*Records to process:*

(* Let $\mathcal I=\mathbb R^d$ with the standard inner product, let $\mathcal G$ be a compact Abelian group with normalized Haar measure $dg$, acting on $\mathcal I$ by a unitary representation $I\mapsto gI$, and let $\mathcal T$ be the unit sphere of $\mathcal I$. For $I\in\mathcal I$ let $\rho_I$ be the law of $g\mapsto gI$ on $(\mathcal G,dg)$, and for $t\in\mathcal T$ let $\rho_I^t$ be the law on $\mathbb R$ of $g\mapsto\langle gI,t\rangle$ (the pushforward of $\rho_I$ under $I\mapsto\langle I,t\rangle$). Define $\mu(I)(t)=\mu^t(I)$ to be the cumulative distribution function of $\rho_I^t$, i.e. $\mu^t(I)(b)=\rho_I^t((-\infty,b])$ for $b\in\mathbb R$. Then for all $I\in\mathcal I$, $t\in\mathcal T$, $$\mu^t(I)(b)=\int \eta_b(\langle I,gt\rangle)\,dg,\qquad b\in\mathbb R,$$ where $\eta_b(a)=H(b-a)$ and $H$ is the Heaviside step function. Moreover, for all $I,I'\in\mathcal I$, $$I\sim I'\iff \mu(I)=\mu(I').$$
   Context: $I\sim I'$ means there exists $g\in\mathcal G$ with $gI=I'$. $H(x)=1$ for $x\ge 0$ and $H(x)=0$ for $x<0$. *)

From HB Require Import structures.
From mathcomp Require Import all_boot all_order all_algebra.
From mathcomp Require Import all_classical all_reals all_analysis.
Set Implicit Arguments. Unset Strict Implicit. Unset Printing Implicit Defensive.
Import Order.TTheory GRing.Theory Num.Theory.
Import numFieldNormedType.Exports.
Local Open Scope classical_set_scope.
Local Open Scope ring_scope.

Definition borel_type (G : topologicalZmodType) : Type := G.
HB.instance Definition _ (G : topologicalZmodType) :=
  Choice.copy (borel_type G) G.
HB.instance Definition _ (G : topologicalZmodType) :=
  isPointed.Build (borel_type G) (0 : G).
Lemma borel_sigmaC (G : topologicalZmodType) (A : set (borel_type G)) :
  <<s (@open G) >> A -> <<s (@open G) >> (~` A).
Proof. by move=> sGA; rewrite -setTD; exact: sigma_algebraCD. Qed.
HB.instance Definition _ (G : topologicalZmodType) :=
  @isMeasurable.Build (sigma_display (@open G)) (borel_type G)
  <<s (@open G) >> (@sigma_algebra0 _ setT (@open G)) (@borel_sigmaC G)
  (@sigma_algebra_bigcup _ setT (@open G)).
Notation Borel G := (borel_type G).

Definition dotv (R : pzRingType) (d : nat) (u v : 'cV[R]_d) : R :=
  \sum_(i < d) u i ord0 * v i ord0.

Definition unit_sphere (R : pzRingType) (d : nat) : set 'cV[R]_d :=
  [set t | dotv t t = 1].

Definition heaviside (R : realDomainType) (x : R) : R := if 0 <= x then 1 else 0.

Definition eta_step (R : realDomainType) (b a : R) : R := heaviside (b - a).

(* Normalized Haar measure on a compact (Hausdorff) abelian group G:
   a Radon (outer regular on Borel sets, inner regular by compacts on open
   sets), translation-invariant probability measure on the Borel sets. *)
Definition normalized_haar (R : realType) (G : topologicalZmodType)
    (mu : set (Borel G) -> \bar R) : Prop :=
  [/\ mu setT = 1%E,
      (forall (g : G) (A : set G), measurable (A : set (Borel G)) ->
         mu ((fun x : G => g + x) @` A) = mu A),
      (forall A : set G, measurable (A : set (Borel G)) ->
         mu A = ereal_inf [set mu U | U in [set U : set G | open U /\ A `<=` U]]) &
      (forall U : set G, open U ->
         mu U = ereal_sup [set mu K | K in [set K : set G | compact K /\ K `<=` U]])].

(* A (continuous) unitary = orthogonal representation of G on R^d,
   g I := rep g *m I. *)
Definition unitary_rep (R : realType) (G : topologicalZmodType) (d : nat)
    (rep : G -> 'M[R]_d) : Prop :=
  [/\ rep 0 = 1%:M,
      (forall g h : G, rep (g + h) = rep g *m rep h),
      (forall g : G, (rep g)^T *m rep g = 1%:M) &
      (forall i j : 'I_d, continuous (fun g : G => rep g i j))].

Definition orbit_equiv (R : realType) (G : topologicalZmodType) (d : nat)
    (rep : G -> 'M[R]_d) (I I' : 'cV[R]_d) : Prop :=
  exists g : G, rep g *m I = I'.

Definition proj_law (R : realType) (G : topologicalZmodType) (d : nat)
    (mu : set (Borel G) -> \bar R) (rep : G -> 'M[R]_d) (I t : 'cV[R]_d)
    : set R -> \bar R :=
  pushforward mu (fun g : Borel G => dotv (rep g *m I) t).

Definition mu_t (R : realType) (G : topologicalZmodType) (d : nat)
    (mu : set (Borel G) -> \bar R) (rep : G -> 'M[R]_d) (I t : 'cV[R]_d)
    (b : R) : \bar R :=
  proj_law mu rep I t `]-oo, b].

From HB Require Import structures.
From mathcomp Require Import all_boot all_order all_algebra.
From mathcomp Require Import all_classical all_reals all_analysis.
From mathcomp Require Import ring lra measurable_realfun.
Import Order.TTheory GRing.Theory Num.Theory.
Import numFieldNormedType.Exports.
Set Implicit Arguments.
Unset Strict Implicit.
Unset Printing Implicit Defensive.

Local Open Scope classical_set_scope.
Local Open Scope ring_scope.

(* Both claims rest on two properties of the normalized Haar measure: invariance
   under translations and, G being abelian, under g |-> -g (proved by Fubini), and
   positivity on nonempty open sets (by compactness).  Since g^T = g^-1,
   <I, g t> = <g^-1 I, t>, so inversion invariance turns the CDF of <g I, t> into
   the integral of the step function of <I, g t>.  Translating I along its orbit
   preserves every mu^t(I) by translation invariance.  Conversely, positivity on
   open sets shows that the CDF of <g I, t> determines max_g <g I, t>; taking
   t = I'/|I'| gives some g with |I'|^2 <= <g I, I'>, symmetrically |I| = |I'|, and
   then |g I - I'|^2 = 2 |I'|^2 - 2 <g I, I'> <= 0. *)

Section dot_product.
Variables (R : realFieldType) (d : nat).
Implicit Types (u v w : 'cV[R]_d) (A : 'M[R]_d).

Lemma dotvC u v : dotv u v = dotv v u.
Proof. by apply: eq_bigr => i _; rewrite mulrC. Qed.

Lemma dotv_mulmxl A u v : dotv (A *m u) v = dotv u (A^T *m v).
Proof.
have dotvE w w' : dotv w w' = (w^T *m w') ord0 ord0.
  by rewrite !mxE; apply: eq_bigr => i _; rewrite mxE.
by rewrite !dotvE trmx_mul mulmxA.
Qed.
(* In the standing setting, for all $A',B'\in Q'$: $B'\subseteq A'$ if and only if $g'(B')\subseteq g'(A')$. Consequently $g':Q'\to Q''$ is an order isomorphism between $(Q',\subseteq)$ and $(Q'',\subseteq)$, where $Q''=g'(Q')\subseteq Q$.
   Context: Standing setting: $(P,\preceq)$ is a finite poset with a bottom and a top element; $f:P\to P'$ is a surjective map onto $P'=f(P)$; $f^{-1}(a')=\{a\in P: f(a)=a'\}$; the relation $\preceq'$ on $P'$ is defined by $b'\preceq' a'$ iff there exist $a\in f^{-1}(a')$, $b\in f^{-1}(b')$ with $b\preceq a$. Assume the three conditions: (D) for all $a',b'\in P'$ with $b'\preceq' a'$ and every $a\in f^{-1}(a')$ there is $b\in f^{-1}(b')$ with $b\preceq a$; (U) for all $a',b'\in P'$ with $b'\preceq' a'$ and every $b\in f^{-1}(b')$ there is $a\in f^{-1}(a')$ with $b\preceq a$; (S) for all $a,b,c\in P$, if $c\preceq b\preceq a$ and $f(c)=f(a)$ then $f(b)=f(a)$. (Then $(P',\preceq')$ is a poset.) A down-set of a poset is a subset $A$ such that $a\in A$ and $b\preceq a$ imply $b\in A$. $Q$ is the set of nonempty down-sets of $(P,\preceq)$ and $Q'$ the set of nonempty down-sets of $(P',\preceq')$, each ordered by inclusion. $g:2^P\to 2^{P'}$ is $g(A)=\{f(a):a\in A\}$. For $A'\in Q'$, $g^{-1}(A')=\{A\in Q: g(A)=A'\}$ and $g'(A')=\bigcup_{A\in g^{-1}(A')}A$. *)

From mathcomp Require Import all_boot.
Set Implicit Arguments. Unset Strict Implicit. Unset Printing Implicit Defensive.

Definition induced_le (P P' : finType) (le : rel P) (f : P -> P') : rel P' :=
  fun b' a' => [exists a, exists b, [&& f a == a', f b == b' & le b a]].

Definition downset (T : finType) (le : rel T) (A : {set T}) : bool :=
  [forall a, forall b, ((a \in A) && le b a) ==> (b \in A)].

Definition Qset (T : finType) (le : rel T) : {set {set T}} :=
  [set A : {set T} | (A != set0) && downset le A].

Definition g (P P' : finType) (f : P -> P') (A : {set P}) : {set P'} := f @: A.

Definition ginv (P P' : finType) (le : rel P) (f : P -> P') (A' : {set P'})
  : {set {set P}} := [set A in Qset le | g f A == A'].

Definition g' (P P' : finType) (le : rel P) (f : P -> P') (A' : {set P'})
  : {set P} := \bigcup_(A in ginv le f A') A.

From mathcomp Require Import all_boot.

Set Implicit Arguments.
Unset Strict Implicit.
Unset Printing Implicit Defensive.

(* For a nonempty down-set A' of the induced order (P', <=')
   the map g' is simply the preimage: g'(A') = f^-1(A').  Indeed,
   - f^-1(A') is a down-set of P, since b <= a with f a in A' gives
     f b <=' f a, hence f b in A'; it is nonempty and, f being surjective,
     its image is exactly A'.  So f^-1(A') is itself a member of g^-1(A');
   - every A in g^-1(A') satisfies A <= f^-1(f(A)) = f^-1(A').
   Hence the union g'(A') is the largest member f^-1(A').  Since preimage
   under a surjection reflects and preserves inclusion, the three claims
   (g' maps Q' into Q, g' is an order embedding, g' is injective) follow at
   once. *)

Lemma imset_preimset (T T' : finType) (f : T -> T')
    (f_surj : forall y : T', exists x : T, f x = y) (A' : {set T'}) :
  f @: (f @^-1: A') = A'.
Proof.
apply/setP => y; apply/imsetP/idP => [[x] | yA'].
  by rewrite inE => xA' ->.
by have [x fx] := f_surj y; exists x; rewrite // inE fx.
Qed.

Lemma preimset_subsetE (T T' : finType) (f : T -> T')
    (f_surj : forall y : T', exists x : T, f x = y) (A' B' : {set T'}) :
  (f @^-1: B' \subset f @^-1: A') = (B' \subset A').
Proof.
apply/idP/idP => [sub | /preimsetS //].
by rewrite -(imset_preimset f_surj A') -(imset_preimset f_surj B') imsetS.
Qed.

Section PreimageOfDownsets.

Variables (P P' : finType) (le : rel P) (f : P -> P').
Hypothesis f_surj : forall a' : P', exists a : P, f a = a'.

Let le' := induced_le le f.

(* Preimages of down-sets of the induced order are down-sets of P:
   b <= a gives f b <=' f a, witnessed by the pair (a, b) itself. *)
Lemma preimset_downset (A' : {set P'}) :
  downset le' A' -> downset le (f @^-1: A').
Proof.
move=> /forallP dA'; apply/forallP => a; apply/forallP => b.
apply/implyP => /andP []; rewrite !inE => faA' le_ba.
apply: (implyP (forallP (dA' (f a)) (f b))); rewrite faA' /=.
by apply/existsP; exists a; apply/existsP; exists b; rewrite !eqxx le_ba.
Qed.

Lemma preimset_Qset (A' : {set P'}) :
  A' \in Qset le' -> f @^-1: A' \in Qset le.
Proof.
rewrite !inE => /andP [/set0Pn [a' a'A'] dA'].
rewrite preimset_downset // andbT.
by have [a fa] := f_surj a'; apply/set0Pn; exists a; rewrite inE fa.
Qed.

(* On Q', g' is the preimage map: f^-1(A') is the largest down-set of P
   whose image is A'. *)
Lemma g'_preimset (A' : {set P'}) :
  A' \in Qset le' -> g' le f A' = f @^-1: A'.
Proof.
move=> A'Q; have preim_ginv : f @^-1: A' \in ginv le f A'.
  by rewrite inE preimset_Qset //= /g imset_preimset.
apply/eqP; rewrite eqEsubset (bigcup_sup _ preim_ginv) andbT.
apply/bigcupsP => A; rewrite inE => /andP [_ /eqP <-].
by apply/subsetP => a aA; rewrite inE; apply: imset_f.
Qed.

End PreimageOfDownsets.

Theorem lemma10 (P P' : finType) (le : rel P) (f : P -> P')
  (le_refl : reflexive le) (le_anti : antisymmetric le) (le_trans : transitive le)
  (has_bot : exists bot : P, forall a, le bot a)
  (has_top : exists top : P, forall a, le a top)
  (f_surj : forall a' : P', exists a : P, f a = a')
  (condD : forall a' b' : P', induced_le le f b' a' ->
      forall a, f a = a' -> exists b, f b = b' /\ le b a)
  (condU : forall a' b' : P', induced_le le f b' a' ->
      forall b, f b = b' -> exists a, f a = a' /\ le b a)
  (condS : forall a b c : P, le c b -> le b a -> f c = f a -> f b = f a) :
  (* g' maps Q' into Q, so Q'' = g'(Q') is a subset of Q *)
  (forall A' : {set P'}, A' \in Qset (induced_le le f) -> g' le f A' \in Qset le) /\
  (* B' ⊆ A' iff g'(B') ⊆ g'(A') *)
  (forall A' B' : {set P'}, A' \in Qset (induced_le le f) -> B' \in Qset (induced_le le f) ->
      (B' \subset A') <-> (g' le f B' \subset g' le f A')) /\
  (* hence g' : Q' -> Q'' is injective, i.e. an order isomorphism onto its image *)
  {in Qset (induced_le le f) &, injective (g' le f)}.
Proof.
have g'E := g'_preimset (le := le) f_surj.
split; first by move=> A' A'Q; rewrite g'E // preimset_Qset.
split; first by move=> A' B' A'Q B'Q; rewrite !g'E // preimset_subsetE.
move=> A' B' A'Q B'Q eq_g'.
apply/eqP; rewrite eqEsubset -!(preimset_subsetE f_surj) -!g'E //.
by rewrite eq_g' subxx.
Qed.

*Directions:*
Reproduce, word for word and in full, only the lines above that start at the line with "Section PreimageOfDownsets." and run through the line with "by rewrite inE preimset_Qset", both ends included.

*Answer section:*
Section PreimageOfDownsets.

Variables (P P' : finType) (le : rel P) (f : P -> P').
Hypothesis f_surj : forall a' : P', exists a : P, f a = a'.

Let le' := induced_le le f.

(* Preimages of down-sets of the induced order are down-sets of P:
   b <= a gives f b <=' f a, witnessed by the pair (a, b) itself. *)
Lemma preimset_downset (A' : {set P'}) :
  downset le' A' -> downset le (f @^-1: A').
Proof.
move=> /forallP dA'; apply/forallP => a; apply/forallP => b.
apply/implyP => /andP []; rewrite !inE => faA' le_ba.
apply: (implyP (forallP (dA' (f a)) (f b))); rewrite faA' /=.
by apply/existsP; exists a; apply/existsP; exists b; rewrite !eqxx le_ba.
Qed.

Lemma preimset_Qset (A' : {set P'}) :
  A' \in Qset le' -> f @^-1: A' \in Qset le.
Proof.
rewrite !inE => /andP [/set0Pn [a' a'A'] dA'].
rewrite preimset_downset // andbT.
by have [a fa] := f_surj a'; apply/set0Pn; exists a; rewrite inE fa.
Qed.

(* On Q', g' is the preimage map: f^-1(A') is the largest down-set of P
   whose image is A'. *)
Lemma g'_preimset (A' : {set P'}) :
  A' \in Qset le' -> g' le f A' = f @^-1: A'.
Proof.
move=> A'Q; have preim_ginv : f @^-1: A' \in ginv le f A'.
  by rewrite inE preimset_Qset //= /g imset_preimset.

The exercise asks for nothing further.